Under the package announced by the chancellor on Thursday, 8 million households on benefits will get a one-off payment of £650 paid in two lump sums in July and the Autumn. Add that to the £400 energy support payment (rather than a loan) that will go to everyone and the £150 payment already made (at least in theory) to those in Bands A-D for the council tax, and the Treasury says this amounts to £1,200 help towards the cost of living for the most vulnerable.

Background documents confirm the one-off payment will not count towards the benefit cap, unlike the £20 a week uplift to universal credit during the pandemic. That should avoid many more households seeing the help disappear as fast as it arrives.

Sunak had been under pressure to do more on benefits not just because of energy costs but also because of the large gap between the 3.1 per cent uprating of benefits in April (based on last September’s inflation rate) and the current 9 per cent rate of CPI inflation.
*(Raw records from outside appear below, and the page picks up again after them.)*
(* Write the direction of segment i as c (cos phi_i, sin phi_i) with phi_i in
   [0, pi]; if segments i and j cross at angle alpha then
   phi_j - phi_i = +-alpha + f pi for some integer f.  Suppose every integer
   relation a alpha + b pi = 0 has m | a: this holds with m = 2 when pi/alpha
   is irrational or has an even reduced numerator, and with m = p = 2k+1 when
   pi/alpha = p/q in lowest terms.  Fix a representative in each class of the
   phi_i modulo Z alpha + Z pi and label segment i by the alpha-coefficient of
   phi_i minus its representative, read in Z/m; this is well defined, and
   crossing segments get consecutive labels.  Odd residues are never
   consecutive in the cycle Z/m, so for every shift s the segments whose label
   minus s is odd are pairwise noncrossing, and averaging over the m shifts
   yields one with at least floor(m/2) n / m segments. *)

From HB Require Import structures.
From mathcomp Require Import all_boot all_order all_algebra.
From mathcomp Require Import all_classical all_reals.
From mathcomp Require Import trigo.
From mathcomp Require Import ring lra.
Set Implicit Arguments.
Unset Strict Implicit.
Unset Printing Implicit Defensive.

Import Order.TTheory GRing.Theory Num.Theory.
Local Open Scope ring_scope.

Lemma exists_ge_mean (T : finType) (f : T -> nat) (t0 : T) :
  exists s, (\sum_t f t <= #|T| * f s)%N.
Proof.
have [s _ fs_max] := @arg_maxnP T t0 predT f isT; exists s.
by rewrite -sum_nat_const; apply: leq_sum => t _; apply: fs_max.
Qed.

Lemma sum_card_shift (G : finZmodType) (T : finType) (l : T -> G) (P : {set G}) :
  (\sum_(s : G) #|[set i | (l i - s)%R \in P]| = #|T| * #|P|)%N.
Proof.
under eq_bigr do rewrite -sum1dep_card big_mkcond /=.
rewrite exchange_big /= -sum_nat_const.
apply: eq_bigr => i _; rewrite -big_mkcond -sum1_card (reindex_inj (subrI (l i))) /=.
by apply: eq_bigl => s; rewrite opprB addrC subrK.
Qed.

Lemma sum_odd_below (N : nat) : (\sum_(0 <= t < N) odd t)%N = N./2.
Proof.
elim: N => [|N IHN]; first by rewrite big_geq.
by rewrite big_nat_recr //= IHN uphalf_half addnC.
Qed.

Lemma card_odd_Zp (m : nat) : #|[set t : 'I_m.+2 | odd t]| = m.+2./2.
Proof.
rewrite -sum1dep_card big_mkcond /= -(big_mkord xpredT (fun t => odd t : nat)).
by rewrite sum_odd_below.
Qed.

Lemma odd_Zp_add1 (m : nat) (t : 'I_m.+2) : odd t -> ~~ odd (t + 1)%R.
Proof.
move=> odd_t; rewrite /= (modn_small (isT : 1 < m.+2)%N) addn1.
have [ltN | geN] := ltnP t.+1 m.+2; first by rewrite modn_small //= odd_t.
have -> : t.+1 = m.+2 by apply/eqP; rewrite eqn_leq geN ltn_ord.
by rewrite modnn.
Qed.

Lemma exists_large_independent (T : finType) (m : nat) (l : T -> 'I_m.+2)
    (adj : T -> T -> Prop) :
  (forall i j, i != j -> adj i j -> l j = l i + 1 \/ l i = l j + 1) ->
  exists I : {set T}, (forall i j, i \in I -> j \in I -> i != j -> ~ adj i j) /\
    (#|T| * m.+2./2 <= #|I| * m.+2)%N.
Proof.
move=> adj_succ; pose P := [set t : 'I_m.+2 | odd t].
pose I s := [set i | (l i - s)%R \in P].
have [s mean_le] := exists_ge_mean (fun s : 'I_m.+2 => #|I s|) 0.
exists (I s); split.
  have no_succ i j : i \in I s -> j \in I s -> l j <> l i + 1.
    rewrite !inE => odd_i + lj; rewrite lj addrAC.
    by rewrite (negPf (odd_Zp_add1 odd_i)).
  by move=> i j Ii Ij ij /(adj_succ _ _ ij) [/(no_succ _ _ Ii Ij) | /(no_succ _ _ Ij Ii)].
rewrite sum_card_shift card_odd_Zp card_ord in mean_le.
by rewrite [(#|I s| * _)%N]mulnC.
Qed.

Lemma exists_class_repr (T : choiceType) (E : T -> T -> Prop) :
  (forall i, E i i) -> (forall i j, E i j -> E j i) ->
  (forall i j k, E i j -> E j k -> E i k) ->
  exists r : T -> T, (forall i, E (r i) i) /\ (forall i j, E i j -> r i = r j).
Proof.
move=> E_refl E_sym E_trans.
have inhabited i : exists j, `[< E j i >] by exists i; apply/asboolP.
exists (fun i => xchoose (inhabited i)); split=> [i | i j Eij].
  exact/asboolP/(xchooseP (inhabited i)).
apply: eq_xchoose => k; apply/asboolP/asboolP => [Eki | Ekj].
  exact: E_trans Eij.
exact: E_trans (E_sym _ _ Eij).
Qed.

Lemma intr_Zp_eq0 (m : nat) (z : int) : (m.+2%:Z %| z)%Z -> (z%:~R : 'I_m.+2) = 0.
Proof. by move=> /dvdzP[c ->]; rewrite intrM -pmulrn (pchar_Zp (isT : 1 < m.+2)%N) mulr0. Qed.

Section CoefficientLabels.
Variables (V : zmodType) (x y : V) (m : nat).
Hypothesis relation_dvd : forall a b : int, x *~ a + y *~ b = 0 -> (m.+2%:Z %| a)%Z.
(* Let $G$ be an infinite finitely generated residually finite group, $S$ a finite symmetric generating set, and $(X_n)_{n\ge0}$ the lazy random walk on $\mathrm{Cay}(G,S)$. Suppose there is a sequence of positive numbers $(p_k)_{k\ge2}$ with $\sum_{k\ge2}p_k<\infty$ and $\mathbb{P}(X_n\in\Lambda_k\setminus\{e\})\le p_k$ for all $n\ge1$ and $k\ge2$. Then $$\lim_{n\to\infty}\mathbb{E}[D_G(X_n)]=2+\sum_{k\ge2}\frac{1}{[G:\Lambda_k]}<\infty.$$
   Context: For $g\ne e$, $D_G(g)=\min\{[G:N]: N\lhd G\text{ of finite index},\ g\notin N\}$, and $D_G(e)=0$. For $k\ge2$, $\Lambda_k$ is the intersection of all normal subgroups of $G$ of index at most $k$. The lazy random walk on $\mathrm{Cay}(G,S)$ is the Markov chain with $X_0=e$ and transition matrix $\frac12 I+\frac12P$, where $P(x,y)=\frac1{|S|}\#\{s\in S:y=xs\}$. *)

From HB Require Import structures.
From mathcomp Require Import all_boot all_order all_algebra.
From mathcomp Require Import all_classical all_reals all_analysis.
Set Implicit Arguments. Unset Strict Implicit. Unset Printing Implicit Defensive.
Import Order.TTheory GRing.Theory Num.Theory.

Definition group_axioms (G : eqType) (mul : G -> G -> G) (inv : G -> G) (e : G) : Prop :=
  [/\ (forall x y z, mul x (mul y z) = mul (mul x y) z),
      (forall x, mul e x = x), (forall x, mul x e = x),
      (forall x, mul (inv x) x = e) & (forall x, mul x (inv x) = e)].

Section AbstractGroup.
Variables (G : eqType) (mul : G -> G -> G) (inv : G -> G) (e : G).

Definition infinite_carrier : Prop := ~ exists l : seq G, forall g, g \in l.

Definition normal_subgroup (N : G -> Prop) : Prop :=
  [/\ N e, (forall x y, N x -> N y -> N (mul x y)), (forall x, N x -> N (inv x))
    & (forall x g, N x -> N (mul (inv g) (mul x g)))].

(* [G : N] = k : there are k left cosets r_i N, i.e. every g lies in exactly
   one coset r_i N. *)
Definition has_index (N : G -> Prop) (k : nat) : Prop :=
  exists r : 'I_k -> G,
    forall g, exists i, N (mul (inv (r i)) g) /\
                       forall j, N (mul (inv (r j)) g) -> j = i.

Definition finite_index (N : G -> Prop) : Prop := exists k, has_index N k.

(* the index [G : N] as a natural number (0 if N has infinite index) *)
Definition gindex (N : G -> Prop) : nat :=
  match pselect (exists k, has_index N k) with
  | left h => ex_minn (P := fun k => `[< has_index N k >]) 
                (let: ex_intro k hk := h in ex_intro _ k (asboolT hk))
  | right _ => 0
  end.

Definition residually_finite : Prop :=
  forall g, g != e -> exists N, normal_subgroup N /\ finite_index N /\ ~ N g.

Definition D_sep (g : G) (k : nat) : Prop :=
  exists N, normal_subgroup N /\ has_index N k /\ ~ N g.

Definition D_G (g : G) : nat :=
  if g == e then 0 else
  match pselect (exists k, D_sep g k) with
  | left h => ex_minn (P := fun k => `[< D_sep g k >])
                (let: ex_intro k hk := h in ex_intro _ k (asboolT hk))
  | right _ => 0
  end.

Definition Lambda (k : nat) (g : G) : Prop :=
  forall N, normal_subgroup N -> (exists j, (j <= k)%N /\ has_index N j) -> N g.

Definition sym_gen_set (S : seq G) : Prop :=
  [/\ uniq S, (forall s, s \in S -> inv s \in S)
    & (forall g, exists w : seq G, all (mem S) w /\ g = foldl mul e w)].

(* Lazy random walk X_n on Cay(G,S): X_0 = e, X_{n+1} = X_n * Y_{n+1} with
   i.i.d. increments Y equal to e w.p. 1/2 and to each s in S w.p. 1/(2|S|).
   We encode an increment by i : 'I_(2|S|), uniformly distributed:
   i < |S| means "stay", otherwise step by S_(i-|S|). *)
Definition lazy_step (S : seq G) (i : nat) : G :=
  if (i < size S)%N then e else nth e S (i - size S).

Definition walk (S : seq G) (w : seq nat) : G :=
  foldl (fun x i => mul x (lazy_step S i)) e w.

Definition lazy_expect (R : realType) (S : seq G) (f : G -> R) (n : nat) : R :=
  (((2 * size S)%:R ^- n) *
   \sum_(w : n.-tuple 'I_(2 * size S)) f (walk S (map val w)))%R.

Definition lazy_prob (R : realType) (S : seq G) (A : G -> Prop) (n : nat) : R :=
  lazy_expect S (fun g => if `[< A g >] then 1%R else 0%R) n.

End AbstractGroup.

From HB Require Import structures.
From mathcomp Require Import all_boot all_order all_algebra.
From mathcomp Require Import all_classical all_reals all_analysis.
From mathcomp Require Import ring lra.
Set Implicit Arguments. Unset Strict Implicit. Unset Printing Implicit Defensive.
Import Order.TTheory GRing.Theory Num.Theory.
Import numFieldNormedType.Exports.

(* Since [D_G(g) > k] exactly when [g] lies in [Lambda_k] minus [e], we have
   [E[D_G(X_n)] = sum_k P(X_n \in Lambda_k, X_n <> e)]. A normal subgroup of
   index at most [k] is determined by the action of the generators on its
   cosets, so [Lambda_k] has finite index; the walk projected to the cosets of
   a finite-index normal subgroup is lazy, irreducible and doubly stochastic,
   and a Doeblin minorization makes it equidistribute: [P(X_n \in N) -> 1/[G:N]].
   As [G] is infinite and residually finite, [[G:Lambda_k]] is unbounded, so
   [P(X_n = e) -> 0]. The summable bound [p_k] then allows passing to the limit
   termwise (Tannery's theorem), and [Lambda_0 = Lambda_1 = G] contribute [2]. *)

Lemma infinite_uniq_seq (T : eqType) M : infinite_carrier T ->
  exists l : seq T, uniq l /\ size l = M.
Proof.
move=> T_inf; elim: M => [|M [l [l_uniq l_size]]]; first by exists [::].
have [x xl] : exists x, x \notin l.
  apply: contrapT => all_in; apply: T_inf; exists l => x.
  by apply/negPn/negP => xl; apply: all_in; exists x.
by exists (x :: l); rewrite /= xl l_uniq l_size.
Qed.

Section Tannery.
Variable R : realType.
Local Open Scope ring_scope.
Local Open Scope classical_set_scope.
Implicit Types (f p : nat -> R).

Lemma sumr_nat_ge0 f M N : (forall k, (M <= k)%N -> 0 <= f k) ->
  0 <= \sum_(M <= k < N) f k.
Proof.
by move=> f0; rewrite big_nat_cond; apply: sumr_ge0 => k /andP [/andP [/f0]].
Qed.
He said his one-off payment would be worth more than bringing forward next year’s uprating of benefits, as some had suggested. 

And he also confirmed that the April 2023 uprating will be based on next September’s inflation rate, which could easily be more than 10 per cent, rather than retaining the option of declaring it to be unaffordable.

So far, so good, then and this is probably the package that the chancellor should have delivered in a Spring Statementthat looked inadequate at the time and has seemed even weeker with each passing week. This package looks to be both more generous and more redistributive than many people were expecting.

However, that also reflects the scale of the cost of living crisis. Add the £800 increase in the energy price cap expected in October to the £700 increase already seen in April and that is already more than the chancellor’s £1,200 for the most vulnerable and that is before you get to large increases in the price of food, fuel and other essentials. 

And there was one major cost that was as absent from Sunak’s statement this week as it was from the one he made in March and the Queen’s Speech earlier this month. No prizes for guessing it must be housing.